-- PROBLEM STATEMENT --
Show each line of the records below where the word "TwoRowTableaux" occurs.
───── DATASET RECORDS ─────
Lemma card_ord_range N lo hi : #|[set j : 'I_N | lo <= j < hi]| = minn hi N - lo.
Proof.
rewrite (card_ord_pred N (fun j => lo <= j < hi)).
elim: N => [|N IH]; first by rewrite minn0.
by rewrite -addn1 iotaD count_cat IH /=; case: (boolP (lo <= N < hi)); lia.
Qed.

Lemma nth_cat_nseq (s : seq nat) n x j :
  nth 0 (s ++ nseq n x) j =
  if j < size s then nth 0 s j else if j < size s + n then x else 0.
Proof. by rewrite nth_cat nth_nseq; case: ltnP => // le_s_j; rewrite ltn_subLR. Qed.

Lemma sorted_cat_nseq (s : seq nat) n x :
  sorted leq s -> all (leq^~ x) s -> sorted leq (s ++ nseq n x).
Proof.
rewrite !(sorted_pairwise leq_trans) pairwise_cat => -> sx; apply/andP; split=> //.
  by apply/allrelP => y z /(allP sx) yx /nseqP[-> _].
by elim: n => //= n ->; rewrite andbT; apply/allP => z /nseqP[-> _].
Qed.

Lemma sorted_gap (s : seq nat) P j : sorted leq s -> j + P < size s ->
  (forall v, count_mem v s <= P) -> nth 0 s j < nth 0 s (j + P).
Proof.
move=> s_sorted jP_lt count_le.
have s_homo := sorted_leq_nth leq_trans leqnn 0 s_sorted.
have le_jP : nth 0 s j <= nth 0 s (j + P) by apply: s_homo; rewrite ?inE; lia.
rewrite ltn_neqAle le_jP andbT; apply/negP => /eqP eq_jP.
set v := nth 0 s j in eq_jP.
suff : P.+1 <= count_mem v s by have := count_le v; lia.
have -> : s = take j s ++ take P.+1 (drop j s) ++ drop P.+1 (drop j s).
  by rewrite !cat_take_drop.
have size_win : size (take P.+1 (drop j s)) = P.+1.
  by rewrite size_take size_drop; case: ifP; lia.
rewrite !count_cat (_ : count_mem v (take P.+1 (drop j s)) = P.+1); first lia.
rewrite -{2}size_win; apply/eqP; rewrite -all_count.
apply/(all_nthP 0) => i; rewrite size_win => i_lt.
rewrite nth_take // nth_drop; apply/eqP/anti_leq.
by apply/andP; split; [rewrite eq_jP|]; apply: s_homo; rewrite ?inE; lia.
Qed.

Fixpoint word_from (o : nat) (b : seq nat) : seq nat :=
  if b is x :: b' then nseq x o ++ word_from o.+1 b' else [::].

Lemma size_word_from o b : size (word_from o b) = sumn b.
Proof. by elim: b o => //= x b IH o; rewrite size_cat size_nseq IH. Qed.

Lemma word_from_bounds o b : all (fun v => o <= v < o + size b) (word_from o b).
Proof.
elim: b o => //= x b IH o; rewrite all_cat; apply/andP; split.
  by apply/allP => v /nseqP [-> _]; lia.
by apply: sub_all (IH o.+1) => v /andP [h1 h2]; lia.
Qed.

Lemma path_word_from o b : path leq o (word_from o b).
Proof.
elim: b o => //= x b IH o; rewrite cat_path; apply/andP; split.
  by elim: x => //= x ->; rewrite leqnn.
have -> : last o (nseq x o) = o by elim: x.
exact: (path_le leq_trans (leqnSn o) (IH o.+1)).
Qed.

Lemma count_word_from o b v :
  count_mem v (word_from o b) = if o <= v then nth 0 b (v - o) else 0.
Proof.
elim: b o => [|x b IH] o /=; first by case: ifP; rewrite ?nth_nil.
rewrite count_cat count_nseq IH /=; case: (ltngtP o v) => [lt_ov|//|<-].
  by rewrite -(subnSK lt_ov).
by rewrite subnn /= mul1n addn0.
Qed.

Section TwoRowTableaux.
Variables N k : nat.

Definition tab := ({ffun 'I_N -> 'I_k} * {ffun 'I_N -> 'I_k})%type.

Definition mult (r : {ffun 'I_N -> 'I_k}) (v : 'I_k) : nat := #|[set j | r j == v]|.

(* [is_tableau] of the definitions, with the row length and the alphabet as parameters. *)
Definition is_tab (a : seq nat) (t : tab) : bool :=
  [forall j1 : 'I_N, forall j2 : 'I_N,
     (j1 <= j2) ==> ((t.1 j1 <= t.1 j2) && (t.2 j1 <= t.2 j2))] &&
  [forall j : 'I_N, t.1 j < t.2 j] &&
  [forall i : 'I_k, mult t.1 i + mult t.2 i == nth 0 a i].

Definition tabs (a : seq nat) : {set tab} := [set t | is_tab a t].

Lemma is_tabP (a : seq nat) (t : tab) :
  reflect [/\ {homo t.1 : j1 j2 / j1 <= j2}, {homo t.2 : j1 j2 / j1 <= j2},
              forall j, t.1 j < t.2 j & forall i : 'I_k, mult t.1 i + mult t.2 i = nth 0 a i]
          (is_tab a t).
Proof.
apply: (iffP idP) => [|[homo1 homo2 col cont]].
  case/andP => /andP [/forallP homo /forallP col /forallP cont]; split=> //.
  - by move=> j1 j2 le12; have /forallP/(_ j2)/implyP/(_ le12)/andP[] := homo j1.
  - by move=> j1 j2 le12; have /forallP/(_ j2)/implyP/(_ le12)/andP[] := homo j1.
  - by move=> i; apply/eqP.
apply/andP; split; first (apply/andP; split); last by apply/forallP=> i; rewrite cont.
  apply/forallP=> j1; apply/forallP=> j2; apply/implyP=> le12.
  by rewrite homo1 // homo2.
by apply/forallP.
Qed.

Lemma top_value_suffixE (r : {ffun 'I_N -> 'I_k}) (v : 'I_k) :
    {homo r : j1 j2 / j1 <= j2} -> (forall j, r j <= v) ->
  forall j, (r j == v) = (N - mult r v <= j).
Proof.
move=> r_homo r_le j; apply/idP/idP => [/eqP rj_v | le_j].
  suff : N - j <= mult r v by lia.
  rewrite -[N in N - _]minnn -(card_ord_range N j N); apply: subset_leq_card; apply/subsetP.
  move=> j'; rewrite !inE => /andP [le_jj' _].
  by rewrite -val_eqE eqn_leq r_le -rj_v r_homo.
apply: contraLR le_j => rj_v; rewrite -ltnNge.
suff : mult r v <= N - j.+1 by have := ltn_ord j; lia.
rewrite -[N in N - _]minnn -(card_ord_range N j.+1 N); apply: subset_leq_card; apply/subsetP.
move=> j'; rewrite !inE ltn_ord andbT ltnNge => /eqP rj'_v.
by apply: contra rj_v => /r_homo; rewrite rj'_v -val_eqE eqn_leq r_le => ->.
Qed.

End TwoRowTableaux.

Lemma K_card_tabs a : K a = #|tabs (nS a - 1) (size a) a|.
Proof. by []. Qed.

Section RowsOfSeqs.
Variables N k : nat.

Definition row_of_seq (s : seq nat) : {ffun 'I_N -> 'I_k.+1} :=
  [ffun j : 'I_N => inord (nth 0 s j)].

Lemma row_of_seqE s j : all (leq^~ k) s -> size s = N -> row_of_seq s j = nth 0 s j :> nat.
Proof. by move=> /all_nthP s_le size_s; rewrite ffunE inordK // ltnS s_le // size_s. Qed.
─────
-- ANSWER --
Section TwoRowTableaux.
End TwoRowTableaux.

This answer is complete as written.